Last updated: 2018-08-03

library(mashr)
Loading required package: ashr

In my simple simulation, the current approach underestimate the null correlation. We need to find better positive definite estimator.

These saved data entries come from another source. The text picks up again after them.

(* Let $L \subseteq \Sigma^*$ be regular and $k\ge0$. Then $L$ is a Boolean combination of at most $k$ regular left ideals if and only if $\mathrm{alt}_L(x) \le k$ for all $x \in \Sigma^*$.
   Context: A language $P\subseteq\Sigma^*$ is a left ideal if $\Sigma^*P\subseteq P$. For $x=a_1\cdots a_n\in\Sigma^*$, a position $1\le i\le n$ is an $L$-alternation point if exactly one of the words $a_i\cdots a_n$ and $a_{i+1}\cdots a_n$ belongs to $L$; $\mathrm{alt}_L(x)$ is the number of $L$-alternation points of $x$. *)

From mathcomp Require Import all_boot.
Set Implicit Arguments. Unset Strict Implicit. Unset Printing Implicit Defensive.

Definition lang (Sigma : finType) := seq Sigma -> bool.

Definition regular (Sigma : finType) (L : lang Sigma) : Prop :=
  exists (Q : finType) (q0 : Q) (delta : Q -> Sigma -> Q) (F : pred Q),
    forall x : seq Sigma, L x = F (foldl delta q0 x).

Definition left_ideal (Sigma : finType) (P : lang Sigma) : Prop :=
  forall u x : seq Sigma, P x -> P (u ++ x).

Definition bool_comb (Sigma : finType) (m : nat) (P : 'I_m -> lang Sigma)
    (L : lang Sigma) : Prop :=
  exists f : ('I_m -> bool) -> bool, forall x : seq Sigma, L x = f (fun i => P i x).

(* alt_L(x): number of positions i (1 <= i <= n) such that exactly one of
   a_i...a_n = drop (i-1) x and a_(i+1)...a_n = drop i x belongs to L. *)
Definition alt (Sigma : finType) (L : lang Sigma) (x : seq Sigma) : nat :=
  \sum_(i < size x) (L (drop i x) != L (drop i.+1 x)).

(** Reading a word from right to left, at every alternation point of
    [L = f(P_0, ..., P_(m-1))] the membership in some [P_i] must change;
    since the [P_i] are left ideals, such a change can only be an entry into
    [P_i], so there are at most [m] alternation points.  Conversely, if
    [alt_L <= k] everywhere, take [P_i = {x | i < alt_L x}] for [i < k]: these
    are left ideals because [alt_L] can only grow when a prefix is added, and
    [L x] is [L ε] xored with the parity of [alt_L x = #{i | x ∈ P_i}].  Each
    [P_i] is regular: a DFA reading left to right can maintain, for every set
    [h] of final states of a DFA for [L], the number of alternation points of
    the language accepted with final states [h], capped at [i + 1]. *)

From mathcomp Require Import all_boot.
From mathcomp Require Import zify.
From Stdlib Require Import FunctionalExtensionality.
Set Implicit Arguments. Unset Strict Implicit. Unset Printing Implicit Defensive.

Section Alternations.
Variables (Sigma : finType) (L : lang Sigma).

Lemma eq_alt (L' : lang Sigma) : L =1 L' -> alt L =1 alt L'.
Proof. by move=> eqL x; apply: eq_bigr => i _; rewrite !eqL. Qed.

Lemma alt_nil : alt L [::] = 0.
Proof. by rewrite /alt big_ord0. Qed.

Lemma alt_cons a x : alt L (a :: x) = (L (a :: x) != L x) + alt L x.
Proof. by rewrite /alt /= big_ord_recl /= drop0. Qed.

Lemma alt_rcons x a :
  alt L (rcons x a) = alt (fun y => L (rcons y a)) x + (L [:: a] != L [::]).
Proof.
rewrite /alt size_rcons big_ord_recr /= drop_rcons // drop_size.
rewrite drop_oversize ?size_rcons //; congr (_ + _).
by apply: eq_bigr => i _; rewrite !drop_rcons // ltnW.
Qed.

Lemma alt_parity x : L x = L [::] (+) odd (alt L x).
Proof.
elim: x => [|a x IH]; first by rewrite alt_nil addbF.
rewrite alt_cons oddD IH.
by case: (L (a :: x)); case: (L [::]); case: (odd (alt L x)).
Qed.

Lemma leq_alt_cat u x : alt L x <= alt L (u ++ x).
Proof. by elim: u => [|a u IH] //=; rewrite alt_cons (leq_trans IH) ?leq_addl. Qed.

End Alternations.

Section LeftIdealCombination.
Variables (Sigma : finType) (m : nat) (P : 'I_m -> lang Sigma) (L : lang Sigma).
Hypotheses (idealP : forall i, left_ideal (P i)) (combL : bool_comb P L).

Lemma left_ideal_cons i a x : P i x -> P i (a :: x).
Proof. exact: idealP i [:: a] x. Qed.

Lemma count_left_ideals_cons a x :
  (L (a :: x) != L x) + \sum_(i < m) P i x <= \sum_(i < m) P i (a :: x).
Proof.
have leq_cons j : P j x <= P j (a :: x).
  by case: (P j x) (@left_ideal_cons j a x) => // ->.
have [altx | /negPn _] := boolP (L (a :: x) != L x); last first.
  by apply: leq_sum => j _; apply: leq_cons.
have [i flip_i] : exists i, P i x != P i (a :: x).
  apply/existsP; apply: contraR altx => /existsPn same.
  have [f combLf] := combL; rewrite !combLf; apply/eqP; congr f.
  by apply: functional_extensionality => i; move/negPn/eqP: (same i).
have [notPi Pi_cons] : P i x = false /\ P i (a :: x).
  move: flip_i (@left_ideal_cons i a x).
  by case: (P i x); case: (P i (a :: x)) => // _ /(_ isT).
rewrite (bigD1 i) // [X in _ <= X](bigD1 i) //= Pi_cons notPi add0n leq_add2l.
by apply: leq_sum => j _; apply: leq_cons.
Qed.

Lemma alt_le_count_left_ideals x : alt L x <= \sum_(i < m) P i x.
Proof.
elim: x => [|a x IH]; first by rewrite alt_nil.
by rewrite alt_cons (leq_trans _ (count_left_ideals_cons a x)) // leq_add2l.
Qed.

Lemma alt_le_card x : alt L x <= m.
Proof.
apply: leq_trans (alt_le_count_left_ideals x) _.
rewrite -[X in _ <= X]card_ord -sum1_card.
by apply: leq_sum => i _; apply: leq_b1.
Qed.

End LeftIdealCombination.

Section CappedAlternationAutomaton.
Variables (Sigma Q : finType) (q0 : Q) (delta : Q -> Sigma -> Q) (n : nat).

Definition dfa_lang (h : {ffun Q -> bool}) : lang Sigma :=
  fun x => h (foldl delta q0 x).

Definition alt_state := {ffun {ffun Q -> bool} -> 'I_n.+1}.

Definition alt_start : alt_state := [ffun => inord 0].

Definition alt_step (s : alt_state) (a : Sigma) : alt_state :=
  [ffun h : {ffun Q -> bool} => inord (minn n (s [ffun q => h (delta q a)] + (h (delta q0 a) != h q0)))].

Lemma alt_dfa_lang_rcons h x a :
  alt (dfa_lang h) (rcons x a)
  = alt (dfa_lang [ffun q => h (delta q a)]) x + (h (delta q0 a) != h q0).
Proof.
rewrite alt_rcons; congr (_ + _).
by apply: eq_alt => y; rewrite /dfa_lang foldl_rcons ffunE.
Qed.

Lemma foldl_alt_step x h :
  foldl alt_step alt_start x h = inord (minn n (alt (dfa_lang h) x)).
Proof.
elim/last_ind: x h => [|x a IH] h; first by rewrite ffunE alt_nil minn0.
rewrite foldl_rcons ffunE IH alt_dfa_lang_rcons inordK; last by rewrite ltnS geq_minl.
by congr inord; lia.
Qed.

End CappedAlternationAutomaton.

Lemma regular_alt_gt (Sigma : finType) (L : lang Sigma) n :
  regular L -> regular (fun x => n < alt L x).
Proof.
move=> [Q [q0 [delta [F accL]]]].
exists (alt_state Q n.+1), (alt_start Q n.+1), (alt_step q0 delta (n := n.+1)).
exists (fun s : alt_state Q n.+1 => n < s [ffun q => F q]) => x.
rewrite foldl_alt_step inordK ?ltnS ?geq_minl // leq_min ltnSn /=.
by congr (_ < _); apply: eq_alt => y; rewrite /dfa_lang ffunE accL.
Qed.

Lemma left_ideal_alt_gt (Sigma : finType) (L : lang Sigma) n :
  left_ideal (fun x => n < alt L x).
Proof. by move=> u x /leq_trans; apply; apply: leq_alt_cat. Qed.

Lemma sum_ord_ltn n k : \sum_(i < k) (i < n : nat) = minn n k.
Proof.
elim: k => [|k IH]; first by rewrite big_ord0 minn0.
by rewrite big_ord_recr /= IH; case: ltnP => ?; lia.
Qed.

Lemma bool_comb_alt_gt (Sigma : finType) (L : lang Sigma) k :
  (forall x, alt L x <= k) ->
  bool_comb (fun (i : 'I_k) x => i < alt L x) L.
Proof.
move=> altk; exists (fun v => L [::] (+) odd (\sum_(i < k) v i)) => x.
by rewrite sum_ord_ltn (minn_idPl (altk x)) -alt_parity.
Qed.

Theorem lemma5p12 (Sigma : finType) (L : lang Sigma) (k : nat) :
  regular L ->
  ((exists m : nat, m <= k /\
      exists P : 'I_m -> lang Sigma,
        (forall i, regular (P i) /\ left_ideal (P i)) /\ bool_comb P L)
   <-> (forall x : seq Sigma, alt L x <= k)).
Proof.
move=> regL; split.
  move=> [m [le_mk [P [regP combL]]]] x.
  by apply: leq_trans le_mk; apply: alt_le_card combL x => i; case: (regP i).
move=> altk; exists k; split => //.
exists (fun (i : 'I_k) x => i < alt L x); split; last exact: bool_comb_alt_gt.
by move=> i; split; [apply: regular_alt_gt | apply: left_ideal_alt_gt].
Qed.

We could try to estimate the pairwise correlation, ie. mle of \(\sum{\pi_{lk} N_{2}(0, V + w_{l}U_{k})}\) for any pair of conditions.

Simple simulation in \(R^2\) to illustrate the problem: \[ \hat{\beta}|\beta \sim N_{2}(\hat{\beta}; \beta, \left(\begin{matrix} 1 & 0.5 \\ 0.5 & 1 \end{matrix}\right)) \]

\[ \beta \sim \frac{1}{4}\delta_{0} + \frac{1}{4}N_{2}(0, \left(\begin{matrix} 1 & 0 \\ 0 & 0 \end{matrix}\right)) + \frac{1}{4}N_{2}(0, \left(\begin{matrix} 0 & 0 \\ 0 & 1 \end{matrix}\right)) + \frac{1}{4}N_{2}(0, \left(\begin{matrix} 1 & 1 \\ 1 & 1 \end{matrix}\right)) \]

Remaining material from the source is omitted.